REQUIREMENT >> Each line below from the one containing "by apply/hasP; exists m; rewrite ?mem_iota." through the one containing "Proof. by apply/eqP; rewrite dist_eq0. Qed." should be output exactly as it stands, and no other line should appear.

....

(* Let $G=(V,E)$ be a finite, simple, connected graph which is effective Bonnet Myers sharp with curvature $K$, i.e. $K=\min_{u\sim v}\kappa(u,v)>0$ and $\operatorname{diam}_{\operatorname{eff}}(G)=\frac{\max_v\operatorname{Deg}(v)}{K}$. Let $x\sim y$. Then every $x'\in V_x^y$ has exactly one neighbor in $V_y^x$, and exactly $K-2$ neighbors of $x'$ lie in $V^{xy}$.
   Context: $d$ is the combinatorial distance, $\operatorname{Deg}$ the degree, $\operatorname{diam}_{\operatorname{eff}}(G)=\frac{1}{|V|^2}\sum_{x,y}d(x,y)$. Laplacian $\Delta f(x)=\sum_{y\sim x}(f(y)-f(x))$. Ollivier curvature of an edge: $\kappa(x,y)=\inf\{\Delta f(x)-\Delta f(y): f(y)-f(x)=1,\ \max_{u\sim v}|f(u)-f(v)|=1\}$. For adjacent $x\sim y$: $V_x^y=\{v: d(v,x)<d(v,y)\}$, $V_y^x=\{v:d(v,y)<d(v,x)\}$, $V^{xy}=\{v:d(v,x)=d(v,y)\}$. *)

From HB Require Import structures.
From mathcomp Require Import all_boot all_order all_algebra.
From mathcomp Require Import boolp classical_sets reals.
Set Implicit Arguments. Unset Strict Implicit. Unset Printing Implicit Defensive.
Import Order.TTheory GRing.Theory Num.Theory.
Local Open Scope ring_scope.
Local Open Scope classical_set_scope.

Definition simple_graph (T : finType) (adj : rel T) : Prop :=
  symmetric adj /\ irreflexive adj.

Definition connected_graph (T : finType) (adj : rel T) : Prop :=
  forall x y : T, connect adj x y.

Fixpoint reach (T : finType) (adj : rel T) (k : nat) (x : T) : {set T} :=
  match k with
  | 0 => [set x]
  | k'.+1 => reach adj k' x :|: [set v | [exists u in reach adj k' x, adj u v]]
  end.

(* combinatorial distance: least k with y within k steps of x
   (for connected graphs it is < #|T|) *)
Definition dist (T : finType) (adj : rel T) (x y : T) : nat :=
  find (fun k => y \in reach adj k x) (iota 0 #|T|).

Definition deg (T : finType) (adj : rel T) (x : T) : nat :=
  #|[set v | adj x v]|.

Definition max_deg (T : finType) (adj : rel T) : nat :=
  \max_(v : T) deg adj v.

Definition diam_eff (R : realType) (T : finType) (adj : rel T) : R :=
  (\sum_(x : T) \sum_(y : T) (dist adj x y)%:R) / (#|T| ^ 2)%:R.

Definition laplacian (R : realType) (T : finType) (adj : rel T)
  (f : T -> R) (x : T) : R :=
  \sum_(v : T | adj x v) (f v - f x).

Definition lip_one (R : realType) (T : finType) (adj : rel T) (f : T -> R) : Prop :=
  (forall u v, adj u v -> `|f u - f v| <= 1) /\
  (exists u v, adj u v /\ `|f u - f v| = 1).

(* Ollivier curvature (Laplacian / Lipschitz formulation) *)
Definition ollivier (R : realType) (T : finType) (adj : rel T) (x y : T) : R :=
  inf [set (laplacian adj f x - laplacian adj f y) |
        f in [set f : T -> R | f y - f x = 1 /\ lip_one adj f]].

(* Curvature at least K on every edge gives, by induction along geodesics,
   Δ d(., z) (w) <= deg z - K d(w, z).  Summing over all z and w kills the
   Laplacians, and what remains, N^2 maxdeg - K Σ d, vanishes exactly when the
   effective diameter equals maxdeg / K; so sharpness forces
   Δ d(., z) (w) = maxdeg - K d(w, z) everywhere.  For x ~ y and w in V_x^y,
   expanding Δ(d_x - d_y)(w) = K gives 2 #(N(w) ∩ V_y^x) + #(N(w) ∩ V^xy) = K.
   Testing the curvature bound on an edge u ~ w of V_x^y leading away from x
   with min(d_x, d_y) and with max(d_x, d_y) shows that #(N(w) ∩ V_y^x) does not
   change along the edge; it is 1 at x, hence 1 on all of V_x^y. *)

From HB Require Import structures.
From mathcomp Require Import all_boot all_order all_algebra.
From mathcomp Require Import boolp classical_sets reals.
From mathcomp Require Import zify ring lra.
Import Order.TTheory GRing.Theory Num.Theory.
Set Implicit Arguments. Unset Strict Implicit.
Local Open Scope ring_scope.

Section Graph.
Variables (T : finType) (adj : rel T).

Lemma reach_le k m x : (k <= m)%N -> {subset reach adj k x <= reach adj m x}.
Proof.
move=> /subnK <-; elim: (m - k)%N => [|i IH] //= v /IH.
by rewrite /= inE => ->.
Qed.

Lemma reachS k x v :
  (v \in reach adj k.+1 x) = (v \in reach adj k x) || [exists u in reach adj k x, adj u v].
Proof. by rewrite /= !inE. Qed.

Lemma reach_adj k x u v : u \in reach adj k x -> adj u v -> v \in reach adj k.+1 x.
Proof. by move=> Hu Huv; rewrite reachS; apply/orP; right; apply/existsP; exists u; rewrite Hu. Qed.

Lemma reach_cons k x u v : adj x u -> v \in reach adj k u -> v \in reach adj k.+1 x.
Proof.
move=> Hxu; elim: k v => [|k IH] v.
  by rewrite inE => /eqP ->; apply: (@reach_adj 0); rewrite ?inE.
rewrite reachS => /orP[/IH /(reach_le (leqnSn _)) -> //|/exists_inP[w /IH Hw Hwv]].
exact: reach_adj Hw Hwv.
Qed.

Lemma reach_last x p : path adj x p -> last x p \in reach adj (size p) x.
Proof.
elim: p x => [|a p IH] x /=; first by rewrite inE.
by case/andP=> Hxa /IH; apply: reach_cons Hxa.
Qed.

Hypothesis adj_sym : symmetric adj.

Lemma reach_sym k x y : y \in reach adj k x -> x \in reach adj k y.
Proof.
elim: k y => [|k IH] y; first by rewrite !inE => /eqP ->.
rewrite reachS => /orP[/IH /(reach_le (leqnSn _)) -> //|/exists_inP[u /IH Hu Huy]].
by apply: reach_cons Hu; rewrite adj_sym.
Qed.

Hypothesis adj_conn : connected_graph adj.

Lemma reach_lt_card x y : exists2 k, (k < #|T|)%N & y \in reach adj k x.
Proof.
have /connectP[p Hp ->] := adj_conn x y; have [q Hq Hu _] := shortenP Hp.
exists (size q); last exact: reach_last Hq.
by have := max_card (mem (x :: q)); rewrite (card_uniqP Hu).
Qed.

Lemma mem_reach k x y : (y \in reach adj k x) = (dist adj x y <= k)%N.
Proof.
have [m Hm Hy] := reach_lt_card x y.
have Hhas : has (fun k => y \in reach adj k x) (iota 0 #|T|).
  by apply/hasP; exists m; rewrite ?mem_iota.
have Hlt : (dist adj x y < #|T|)%N by rewrite /dist -[X in (_ < X)%N](size_iota 0) -has_find.
case: leqP => Hk.
  by rewrite (reach_le Hk) //; have := nth_find 0%N Hhas; rewrite nth_iota ?add0n.
by apply/negbTE; have := before_find 0%N Hk; rewrite nth_iota ?add0n ?(ltn_trans Hk Hlt) // => ->.
Qed.

Lemma dist_sym x y : dist adj x y = dist adj y x.
Proof.
by apply/eqP; rewrite eqn_leq -!mem_reach; apply/andP; split;
  apply: reach_sym; rewrite // mem_reach.
Qed.

Lemma dist_eq0 x y : (dist adj x y == 0%N) = (y == x).
Proof. by rewrite -leqn0 -mem_reach inE. Qed.

Lemma distxx x : dist adj x x = 0%N.
Proof. by apply/eqP; rewrite dist_eq0. Qed.

Lemma dist_le_adjr z u v : adj u v -> (dist adj z v <= (dist adj z u).+1)%N.
Proof. by move=> Huv; rewrite -mem_reach; apply: reach_adj Huv; rewrite mem_reach. Qed.

Lemma dist_le_adjl z u v : adj u v -> (dist adj u z <= (dist adj v z).+1)%N.
Proof. by rewrite adj_sym (dist_sym u) (dist_sym v); apply: dist_le_adjr. Qed.

Lemma dist_succ_nbr z w k : dist adj w z = k.+1 -> exists2 u, adj w u & dist adj u z = k.
Proof.
rewrite dist_sym => Hd; have := leqnn (dist adj z w).
rewrite -mem_reach Hd reachS mem_reach Hd ltnn => /exists_inP[u Hu Huw].
exists u; first by rewrite adj_sym.
by rewrite mem_reach in Hu; rewrite dist_sym; have := dist_le_adjr z Huw; rewrite Hd; lia.
Qed.

Lemma dist_closer_succ x y v : adj x y -> (dist adj v x < dist adj v y)%N ->
  dist adj v y = (dist adj v x).+1.
Proof. by move=> Hxy; have := dist_le_adjr v Hxy; lia. Qed.

Hypothesis adj_irr : irreflexive adj.

Lemma dist_adj x y : adj x y -> dist adj x y = 1%N.
Proof.
move=> Hxy; have := dist_le_adjr x Hxy; rewrite distxx.
have : y != x by apply: contraTneq Hxy => ->; rewrite adj_irr.
by rewrite -dist_eq0; lia.
Qed.

Lemma degE z : deg adj z = #|[set v | adj z v]|.
Proof. by apply: eq_card => v; rewrite inE; apply/idP/idP => [/set_mem|/mem_set]. Qed.

Definition nbrs_closer w a b := [set v | adj w v && (dist adj v a < dist adj v b)%N].
Definition nbrs_equidist w a b := [set v | adj w v && (dist adj v a == dist adj v b)].

Lemma nbrs_closer_adj x y : adj x y -> nbrs_closer x y x = [set y].
Proof.
move=> Hxy; apply/setP => v; rewrite !inE.
case: (boolP (adj x v)) => Hxv /=; last first.
  by apply/esym/negbTE; apply: contraNneq Hxv => ->.
by rewrite [dist adj v x]dist_sym (dist_adj Hxv) ltnS leqn0 dist_sym dist_eq0.
Qed.

Variable R : realType.

Definition one_lipschitz (f : T -> R) := forall u v, adj u v -> `|f u - f v| <= 1.

Lemma laplacianD (f g : T -> R) w :
  laplacian adj (fun v => f v + g v) w = laplacian adj f w + laplacian adj g w.
Proof. by rewrite /laplacian -big_split; apply: eq_bigr => v _ /=; ring. Qed.

Lemma laplacianN (f : T -> R) w : laplacian adj (fun v => - f v) w = - laplacian adj f w.
Proof. by rewrite /laplacian -sumrN; apply: eq_bigr => v _; ring. Qed.

Lemma laplacian_sum_nbrs (f : T -> R) w :
  f w = 0 -> laplacian adj f w = \sum_(v | adj w v) f v.
Proof. by move=> Hw; apply: eq_bigr => v _; rewrite Hw subr0. Qed.

Lemma sum_nbrs_indicator w (P : pred T) :
  \sum_(v | adj w v) (P v : nat)%:R = #|[set v | adj w v && P v]|%:R :> R.
Proof.
by rewrite -sum1dep_card natr_sum big_mkcondr; apply: eq_bigr => v _; case: (P v).
Qed.

Lemma sum_laplacian_eq0 (f : T -> R) : \sum_w laplacian adj f w = 0.
Proof.
rewrite /laplacian; under eq_bigr do rewrite sumrB.
rewrite sumrB; apply/eqP; rewrite subr_eq0; apply/eqP.
under eq_bigr do rewrite big_mkcond.
rewrite exchange_big; apply: eq_bigr => v _.
by rewrite [RHS]big_mkcond; apply: eq_bigr => w _; rewrite adj_sym.
Qed.

Lemma laplacian_bound (f : T -> R) w : one_lipschitz f -> `|laplacian adj f w| <= #|T|%:R.
Proof.
move=> Hf; apply: le_trans (ler_norm_sum _ _ _) _.
rewrite -sum1_card natr_sum big_mkcond /=; apply: ler_sum => v _.
by case: ifP => // Hwv; rewrite distrC Hf.
Qed.

Lemma ollivier_le_laplacian x y (f : T -> R) : adj x y -> one_lipschitz f ->
  f y - f x = 1 -> ollivier R adj x y <= laplacian adj f x - laplacian adj f y.
Proof.
move=> Hxy Hf Hfxy; apply: ge_inf; last by exists f => //; do !split => //;
  exists x, y; rewrite distrC Hfxy normr1.
exists (- (#|T|%:R *+ 2)) => _ [g [_ [Hg _]] <-].
move: (laplacian_bound x Hg) (laplacian_bound y Hg); rewrite !ler_norml.
by case/andP=> ? ? /andP[? ?]; lra.
Qed.

Lemma one_lipschitz_natr (g : T -> nat) :
  (forall u v, adj u v -> (g u <= (g v).+1)%N) -> one_lipschitz (fun v => (g v)%:R).
Proof.
move=> Hg u v Huv; have := Hg u v Huv; have := Hg v u; rewrite adj_sym Huv.
rewrite ler_norml -!(ler_nat R) -!natr1 => /(_ isT) Hvu Huv'.
by apply/andP; split; lra.
Qed.

Variable K : R.
Hypothesis curvature_ge : forall u v, adj u v -> K <= ollivier R adj u v.

Definition dist_to z : T -> R := fun v => (dist adj v z)%:R.

Lemma one_lipschitz_dist_to z : one_lipschitz (dist_to z).
Proof. by apply: one_lipschitz_natr => u v; apply: dist_le_adjl. Qed.

Definition closer_ind a b : T -> R := fun v => ((dist adj v a < dist adj v b)%N : nat)%:R.

Lemma sum_closer_ind w a b :
  \sum_(v | adj w v) closer_ind a b v = #|nbrs_closer w a b|%:R.
Proof. exact: sum_nbrs_indicator. Qed.

Lemma laplacian_dist_to_diff x y w : adj x y -> (dist adj w x < dist adj w y)%N ->
  laplacian adj (fun v => dist_to x v - dist_to y v) w =
  (#|nbrs_closer w y x|.*2 + #|nbrs_equidist w x y|)%:R.
Proof.
move=> Hxy Hw; have Hyx : adj y x by rewrite adj_sym.
rewrite natrD -muln2 natrM -sum_closer_ind -sum_nbrs_indicator mulr_suml -big_split.
apply: eq_bigr => v _ /=; rewrite /dist_to /closer_ind (dist_closer_succ Hxy Hw) -natr1.
have : (dist adj v x + 1 = dist adj v y + (dist adj v y < dist adj v x) * 2
         + (dist adj v x == dist adj v y))%N.
  by move: (dist_le_adjr v Hxy) (dist_le_adjr v Hyx); case: ltngtP; lia.
by move/(congr1 (fun n => n%:R : R)); rewrite !natrD natrM; lra.
Qed.

Lemma one_lipschitz_min x y : adj x y -> one_lipschitz (fun v => dist_to x v - closer_ind y x v).
Proof.
move=> Hxy; have -> : (fun v => dist_to x v - closer_ind y x v) =
                      (fun v => (minn (dist adj v x) (dist adj v y))%:R).
  apply/funext => v; rewrite /dist_to /closer_ind.
  have : (minn (dist adj v x) (dist adj v y) + (dist adj v y < dist adj v x) = dist adj v x)%N.
    have Hyx : adj y x by rewrite adj_sym.
    by have := dist_le_adjr v Hyx; case: ltnP; lia.
  by move/(congr1 (fun n => n%:R : R)); rewrite natrD; lra.
apply: one_lipschitz_natr => a b Hab.
by have := dist_le_adjl x Hab; have := dist_le_adjl y Hab; lia.
Qed.

Lemma one_lipschitz_max x y : adj x y -> one_lipschitz (fun v => dist_to y v + closer_ind y x v).
Proof.
move=> Hxy; have -> : (fun v => dist_to y v + closer_ind y x v) =
                      (fun v => (maxn (dist adj v x) (dist adj v y))%:R).
  apply/funext => v; rewrite /dist_to /closer_ind -natrD; congr _%:R.
  have Hyx : adj y x by rewrite adj_sym.
  by have := dist_le_adjr v Hxy; have := dist_le_adjr v Hyx; case: ltnP; lia.
apply: one_lipschitz_natr => a b Hab.
by have := dist_le_adjl x Hab; have := dist_le_adjl y Hab; lia.
Qed.

Lemma laplacian_dist_to_center z : laplacian adj (dist_to z) z = (deg adj z)%:R.
Proof.
rewrite /laplacian degE -sum1dep_card natr_sum; apply: eq_bigr => v Hzv.
by rewrite /dist_to distxx subr0 dist_sym dist_adj.
Qed.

....

WRITTEN ANSWER >>
  by apply/hasP; exists m; rewrite ?mem_iota.
have Hlt : (dist adj x y < #|T|)%N by rewrite /dist -[X in (_ < X)%N](size_iota 0) -has_find.
case: leqP => Hk.
  by rewrite (reach_le Hk) //; have := nth_find 0%N Hhas; rewrite nth_iota ?add0n.
by apply/negbTE; have := before_find 0%N Hk; rewrite nth_iota ?add0n ?(ltn_trans Hk Hlt) // => ->.
Qed.

Lemma dist_sym x y : dist adj x y = dist adj y x.
Proof.
by apply/eqP; rewrite eqn_leq -!mem_reach; apply/andP; split;
  apply: reach_sym; rewrite // mem_reach.
Qed.

Lemma dist_eq0 x y : (dist adj x y == 0%N) = (y == x).
Proof. by rewrite -leqn0 -mem_reach inE. Qed.

Lemma distxx x : dist adj x x = 0%N.
Proof. by apply/eqP; rewrite dist_eq0. Qed.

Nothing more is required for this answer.